Work to complete >> From the records below, set down exactly the lines starting with the line that contains "Definition tens (X" and going on through the line that contains "runit_mx (dim X) *m powz (alpha X) (i + 1).". Nothing else is wanted.
══════
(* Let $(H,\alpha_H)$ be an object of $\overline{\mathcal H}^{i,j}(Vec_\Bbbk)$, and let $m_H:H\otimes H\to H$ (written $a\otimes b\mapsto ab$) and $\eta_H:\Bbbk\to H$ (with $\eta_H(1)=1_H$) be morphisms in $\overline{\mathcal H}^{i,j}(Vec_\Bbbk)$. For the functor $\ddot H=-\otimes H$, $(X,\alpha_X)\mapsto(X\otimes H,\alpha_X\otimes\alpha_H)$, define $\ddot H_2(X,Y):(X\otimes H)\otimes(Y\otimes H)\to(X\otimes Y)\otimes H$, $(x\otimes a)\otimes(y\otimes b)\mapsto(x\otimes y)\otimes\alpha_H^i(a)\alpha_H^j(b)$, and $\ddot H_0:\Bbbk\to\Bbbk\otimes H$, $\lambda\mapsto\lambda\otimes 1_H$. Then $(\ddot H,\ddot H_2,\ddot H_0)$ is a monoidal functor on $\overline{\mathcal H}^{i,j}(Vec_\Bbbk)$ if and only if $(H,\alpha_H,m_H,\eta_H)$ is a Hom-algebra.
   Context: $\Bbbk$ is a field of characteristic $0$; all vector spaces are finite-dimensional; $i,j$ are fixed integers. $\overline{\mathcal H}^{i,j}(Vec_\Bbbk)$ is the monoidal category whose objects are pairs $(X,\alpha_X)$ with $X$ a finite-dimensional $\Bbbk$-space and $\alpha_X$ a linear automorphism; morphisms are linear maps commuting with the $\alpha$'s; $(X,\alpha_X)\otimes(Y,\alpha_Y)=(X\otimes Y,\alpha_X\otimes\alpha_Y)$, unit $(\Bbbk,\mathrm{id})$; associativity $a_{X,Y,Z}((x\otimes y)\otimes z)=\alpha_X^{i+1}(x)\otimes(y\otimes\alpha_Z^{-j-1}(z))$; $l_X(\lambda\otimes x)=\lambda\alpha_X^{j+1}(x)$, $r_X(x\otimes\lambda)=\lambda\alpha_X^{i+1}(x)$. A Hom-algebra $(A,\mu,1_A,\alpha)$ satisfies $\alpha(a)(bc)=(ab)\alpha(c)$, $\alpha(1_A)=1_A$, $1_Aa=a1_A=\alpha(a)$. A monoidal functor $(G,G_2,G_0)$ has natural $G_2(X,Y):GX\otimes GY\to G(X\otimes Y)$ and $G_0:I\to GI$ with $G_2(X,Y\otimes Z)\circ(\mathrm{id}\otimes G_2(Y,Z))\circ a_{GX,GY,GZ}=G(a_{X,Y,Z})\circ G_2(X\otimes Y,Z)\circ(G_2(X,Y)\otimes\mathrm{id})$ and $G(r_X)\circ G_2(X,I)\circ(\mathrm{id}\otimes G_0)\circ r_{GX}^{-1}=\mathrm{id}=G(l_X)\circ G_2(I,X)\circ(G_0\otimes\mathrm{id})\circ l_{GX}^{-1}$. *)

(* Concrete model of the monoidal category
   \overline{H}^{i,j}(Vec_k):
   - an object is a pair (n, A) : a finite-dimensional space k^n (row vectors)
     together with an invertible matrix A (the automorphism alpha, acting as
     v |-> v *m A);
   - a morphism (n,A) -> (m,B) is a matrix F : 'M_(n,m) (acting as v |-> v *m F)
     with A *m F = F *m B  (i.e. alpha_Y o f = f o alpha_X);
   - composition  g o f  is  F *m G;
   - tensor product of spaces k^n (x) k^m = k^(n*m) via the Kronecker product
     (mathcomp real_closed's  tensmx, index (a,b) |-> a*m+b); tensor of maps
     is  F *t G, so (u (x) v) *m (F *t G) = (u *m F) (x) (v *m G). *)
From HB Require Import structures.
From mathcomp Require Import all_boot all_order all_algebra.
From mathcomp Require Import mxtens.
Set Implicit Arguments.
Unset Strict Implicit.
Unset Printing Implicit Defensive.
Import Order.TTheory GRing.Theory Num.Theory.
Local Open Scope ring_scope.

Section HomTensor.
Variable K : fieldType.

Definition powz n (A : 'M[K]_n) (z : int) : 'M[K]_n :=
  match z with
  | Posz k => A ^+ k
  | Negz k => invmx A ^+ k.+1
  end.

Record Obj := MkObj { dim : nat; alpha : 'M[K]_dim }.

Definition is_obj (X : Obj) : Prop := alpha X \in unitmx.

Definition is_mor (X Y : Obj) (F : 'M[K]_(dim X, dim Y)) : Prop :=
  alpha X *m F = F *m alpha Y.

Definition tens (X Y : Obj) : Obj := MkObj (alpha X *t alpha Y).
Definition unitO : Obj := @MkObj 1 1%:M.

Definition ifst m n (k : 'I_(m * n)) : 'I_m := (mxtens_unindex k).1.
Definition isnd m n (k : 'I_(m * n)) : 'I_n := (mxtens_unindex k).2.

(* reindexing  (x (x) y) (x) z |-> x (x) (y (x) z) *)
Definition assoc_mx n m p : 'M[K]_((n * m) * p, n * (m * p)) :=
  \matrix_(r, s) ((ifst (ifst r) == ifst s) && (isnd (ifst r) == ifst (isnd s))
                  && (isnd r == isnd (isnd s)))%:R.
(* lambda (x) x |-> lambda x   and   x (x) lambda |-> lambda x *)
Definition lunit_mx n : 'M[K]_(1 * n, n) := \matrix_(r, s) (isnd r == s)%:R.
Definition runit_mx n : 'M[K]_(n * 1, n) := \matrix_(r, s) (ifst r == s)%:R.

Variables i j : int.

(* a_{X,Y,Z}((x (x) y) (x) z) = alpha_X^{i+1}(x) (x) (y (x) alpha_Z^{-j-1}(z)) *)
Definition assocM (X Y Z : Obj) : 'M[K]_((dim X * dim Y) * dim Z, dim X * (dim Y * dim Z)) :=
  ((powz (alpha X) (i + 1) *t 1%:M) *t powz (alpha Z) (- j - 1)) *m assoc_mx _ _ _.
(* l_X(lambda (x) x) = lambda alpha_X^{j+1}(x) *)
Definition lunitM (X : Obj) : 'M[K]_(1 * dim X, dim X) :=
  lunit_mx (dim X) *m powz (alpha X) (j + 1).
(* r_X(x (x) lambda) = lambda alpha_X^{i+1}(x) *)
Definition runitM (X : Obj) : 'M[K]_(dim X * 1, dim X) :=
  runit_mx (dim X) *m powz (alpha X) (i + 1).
══════
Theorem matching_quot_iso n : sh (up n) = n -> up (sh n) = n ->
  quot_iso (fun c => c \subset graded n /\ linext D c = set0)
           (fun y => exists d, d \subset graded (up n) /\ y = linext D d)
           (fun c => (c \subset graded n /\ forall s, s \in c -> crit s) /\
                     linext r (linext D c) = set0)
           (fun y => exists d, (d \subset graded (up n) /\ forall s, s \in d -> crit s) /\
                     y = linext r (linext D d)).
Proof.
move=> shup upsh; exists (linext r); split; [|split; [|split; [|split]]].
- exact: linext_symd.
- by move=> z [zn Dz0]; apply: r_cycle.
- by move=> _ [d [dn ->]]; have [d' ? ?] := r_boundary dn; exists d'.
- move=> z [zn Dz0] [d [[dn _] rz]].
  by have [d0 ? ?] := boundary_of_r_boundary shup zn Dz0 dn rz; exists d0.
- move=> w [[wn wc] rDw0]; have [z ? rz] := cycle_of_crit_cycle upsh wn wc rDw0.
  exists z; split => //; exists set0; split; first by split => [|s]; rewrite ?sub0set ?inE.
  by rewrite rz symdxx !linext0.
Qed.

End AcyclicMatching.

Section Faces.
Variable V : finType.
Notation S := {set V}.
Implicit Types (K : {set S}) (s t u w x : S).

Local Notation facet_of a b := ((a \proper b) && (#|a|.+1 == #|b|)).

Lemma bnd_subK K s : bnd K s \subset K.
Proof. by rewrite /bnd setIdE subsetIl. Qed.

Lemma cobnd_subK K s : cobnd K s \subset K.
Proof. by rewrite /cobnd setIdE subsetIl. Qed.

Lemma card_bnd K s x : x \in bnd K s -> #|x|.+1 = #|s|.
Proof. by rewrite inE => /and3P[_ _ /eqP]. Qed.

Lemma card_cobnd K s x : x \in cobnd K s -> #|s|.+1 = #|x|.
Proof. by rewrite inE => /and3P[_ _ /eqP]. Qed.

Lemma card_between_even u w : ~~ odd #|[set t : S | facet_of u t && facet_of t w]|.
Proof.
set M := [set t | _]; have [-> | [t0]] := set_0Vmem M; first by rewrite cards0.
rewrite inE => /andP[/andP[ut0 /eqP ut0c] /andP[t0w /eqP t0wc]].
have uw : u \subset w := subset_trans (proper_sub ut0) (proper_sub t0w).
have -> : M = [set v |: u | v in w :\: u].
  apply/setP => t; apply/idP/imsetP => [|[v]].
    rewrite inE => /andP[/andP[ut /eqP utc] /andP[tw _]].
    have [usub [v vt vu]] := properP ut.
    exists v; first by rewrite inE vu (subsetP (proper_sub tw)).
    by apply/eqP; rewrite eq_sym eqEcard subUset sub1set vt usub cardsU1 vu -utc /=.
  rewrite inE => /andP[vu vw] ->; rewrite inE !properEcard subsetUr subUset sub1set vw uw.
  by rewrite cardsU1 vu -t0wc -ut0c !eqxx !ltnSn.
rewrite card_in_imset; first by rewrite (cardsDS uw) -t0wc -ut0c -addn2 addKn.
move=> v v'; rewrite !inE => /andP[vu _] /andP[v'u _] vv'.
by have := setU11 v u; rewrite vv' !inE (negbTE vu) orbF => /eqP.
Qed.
══════
Reply >>
Definition tens (X Y : Obj) : Obj := MkObj (alpha X *t alpha Y).
Definition unitO : Obj := @MkObj 1 1%:M.

Definition ifst m n (k : 'I_(m * n)) : 'I_m := (mxtens_unindex k).1.
Definition isnd m n (k : 'I_(m * n)) : 'I_n := (mxtens_unindex k).2.

(* reindexing  (x (x) y) (x) z |-> x (x) (y (x) z) *)
Definition assoc_mx n m p : 'M[K]_((n * m) * p, n * (m * p)) :=
  \matrix_(r, s) ((ifst (ifst r) == ifst s) && (isnd (ifst r) == ifst (isnd s))
                  && (isnd r == isnd (isnd s)))%:R.
(* lambda (x) x |-> lambda x   and   x (x) lambda |-> lambda x *)
Definition lunit_mx n : 'M[K]_(1 * n, n) := \matrix_(r, s) (isnd r == s)%:R.
Definition runit_mx n : 'M[K]_(n * 1, n) := \matrix_(r, s) (ifst r == s)%:R.

Variables i j : int.

(* a_{X,Y,Z}((x (x) y) (x) z) = alpha_X^{i+1}(x) (x) (y (x) alpha_Z^{-j-1}(z)) *)
Definition assocM (X Y Z : Obj) : 'M[K]_((dim X * dim Y) * dim Z, dim X * (dim Y * dim Z)) :=
  ((powz (alpha X) (i + 1) *t 1%:M) *t powz (alpha Z) (- j - 1)) *m assoc_mx _ _ _.
(* l_X(lambda (x) x) = lambda alpha_X^{j+1}(x) *)
Definition lunitM (X : Obj) : 'M[K]_(1 * dim X, dim X) :=
  lunit_mx (dim X) *m powz (alpha X) (j + 1).
(* r_X(x (x) lambda) = lambda alpha_X^{i+1}(x) *)
Definition runitM (X : Obj) : 'M[K]_(dim X * 1, dim X) :=
  runit_mx (dim X) *m powz (alpha X) (i + 1).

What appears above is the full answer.